Nous disposons en revanche, dans notre corpus latin, de trois sources qui rapportent ce mythe. Voici comment Hygin, auteur du Ier siècle de notre ère, raconte la punition de Marsyas dans ses Fabulae :
« Marsyas ainsi vaincu, Apollon le lia à un arbre et le remit à un Scythe qui l’écorcha (separauit), membre par membre (membratim) ; le reste de son corps (reliquum corpus) fut remis à Olympos pour l’ensevelir, et c’est de son sang que la rivière Marsyas tient son nom ».
Hygin insiste sur la minutie de l’opération qui consiste à « séparer » le corps de l’une de ses parties, à la mettre de côté, de manière méthodique et progressive, membratim, « membre par membre ». Le fabuliste ne précise pas ce qui est séparé de Marsyas, selon son habituelle et sèche concision. L’emploi du verbe en usage absolu surprend et peut évoquer la découpe d’une victime dans le cadre d’un sacrifice. Il est intéressant de constater que chez Hygin, c’est non pas Apollon lui-même mais un de ses compagnons scythes, peuple réputé mangeur d’homme, voire collectionneur de crânes-gobelets et de serviettes-scalps, qui procède à l’écorchage. On peut alors s’attendre à ce que la peau du vaincu victime de son hybris soit érigée en trophée. Mais ce qui nous frappe ici, c’est que la dépouille de Marsyas soit absente de cette représentation de son écorchage, nous ne savons pas ce qu’il en advient. Seul est mentionné « le reste de son corps » (reliquum corpus), à l’exclusion de la peau. Nous notons toutefois que même si elle n’est pas évoquée directement, la peau ne joue plus son rôle d’enveloppe corporelle, de contention, et le sang quitte le corps, se répand abondamment, au point de former un fleuve, qui prend le nom de Marsyas. Cette tradition étiologique, liée à l’écoulement du sang – et qui diffère en cela de la tradition de Xénophon –, ne nous est pas connue par ailleurs.

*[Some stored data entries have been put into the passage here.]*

(* Every Cartan–Eilenberg system (respectively, every left Cartan–Eilenberg system) $(H,\partial)$ can be prolonged to a right (respectively extended) Cartan–Eilenberg system whose right couple $(A'',E^1)$ converges conditionally to its limit, namely by setting $H(i,\infty)=\operatorname{colim}_jH(i,j)$ for each $i$, with $\eta$ and $\partial$ involving $\infty$ obtained by passing to colimits over $k$ in the exact triangles for $(i,j,k)$. This prolongation is essentially unique: for any prolongation of $(H,\partial)$ to a right (respectively extended) Cartan–Eilenberg system whose right couple converges conditionally to its limit, the canonical maps $\operatorname{colim}_jH(i,j)\to H(i,\infty)$ are isomorphisms.
   Context: Let $\mathcal{A}$ be the category of $\mathbb{Z}$-graded $R$-modules. For a linearly ordered set $\mathcal{I}$, an $\mathcal{I}$-system $(H,\partial)$ consists of objects $H(i,j)$ for $i\le j$ in $\mathcal{I}$, functorial morphisms $\eta\colon H(i,j)\to H(i',j')$ (internal degree $0$) for $i\le i'$, $j\le j'$, and natural morphisms $\partial\colon H(j,k)\to H(i,j)$ (internal degree $-1$) for $i\le j\le k$, with $H(i,j)\xrightarrow{\eta}H(i,k)\xrightarrow{\eta}H(j,k)\xrightarrow{\partial}H(i,j)$ exact at each vertex. Cartan–Eilenberg system: $\mathbb{Z}$-system; right: $(\mathbb{Z}\cup\{+\infty\})$-system; left: $(\mathbb{Z}\cup\{-\infty\})$-system; extended: $(\mathbb{Z}\cup\{\pm\infty\})$-system. A prolongation is a system on the larger index set whose restriction is the given one. Right couple: $A''_s=H(s,\infty)$, $E^1_s=H(s-1,s)$, $\alpha_s=\eta$, $\beta_s=\partial\colon H(s,\infty)\to H(s-1,s)$, $\gamma_s=\eta\colon H(s-1,s)\to H(s-1,\infty)$; it converges conditionally to the limit if $\operatorname{colim}_sA''_s=0$. *)

From HB Require Import structures.
From mathcomp Require Import all_boot all_order all_algebra.
Set Implicit Arguments.
Unset Strict Implicit.
Unset Printing Implicit Defensive.
Import Order.TTheory GRing.Theory Num.Theory.
Local Open Scope ring_scope.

La deuxième source est double. En effet, le récit de la mise à mort de Marsyas nous est donné à deux reprises par Ovide, une fois dans les Métamorphoses :
« Quand on eut ainsi raconté la fin de ces hommes du peuple de Lycie, un autre rappela celle du satyre que le fils de Latone punit après l’avoir vaincu à la flûte de Minerve. ‘Pourquoi m’arraches-tu à moi-même (me mihi detrahis)? dit-il. Ah, je regrette ! criait-il. Ah ! Une flûte ne vaut pas tant !’ Et tandis qu’il criait, sa peau fut déchirée (cutis est direpta) sur la surface de ses membres : ce n’était plus qu’une plaie (uulnus). Son sang coule de toutes parts, ses nerfs mis à nus (detecti nerui) s’offrent aux regards, ses veines (uenae), sans la peau (sine ulla pelle), palpitent (micant) et tressaillent (trepidae) ; l’on pourrait dénombrer dans sa poitrine ses viscères grouillants (salientia uiscera), ses fibres transparentes (perlucentes fibras) »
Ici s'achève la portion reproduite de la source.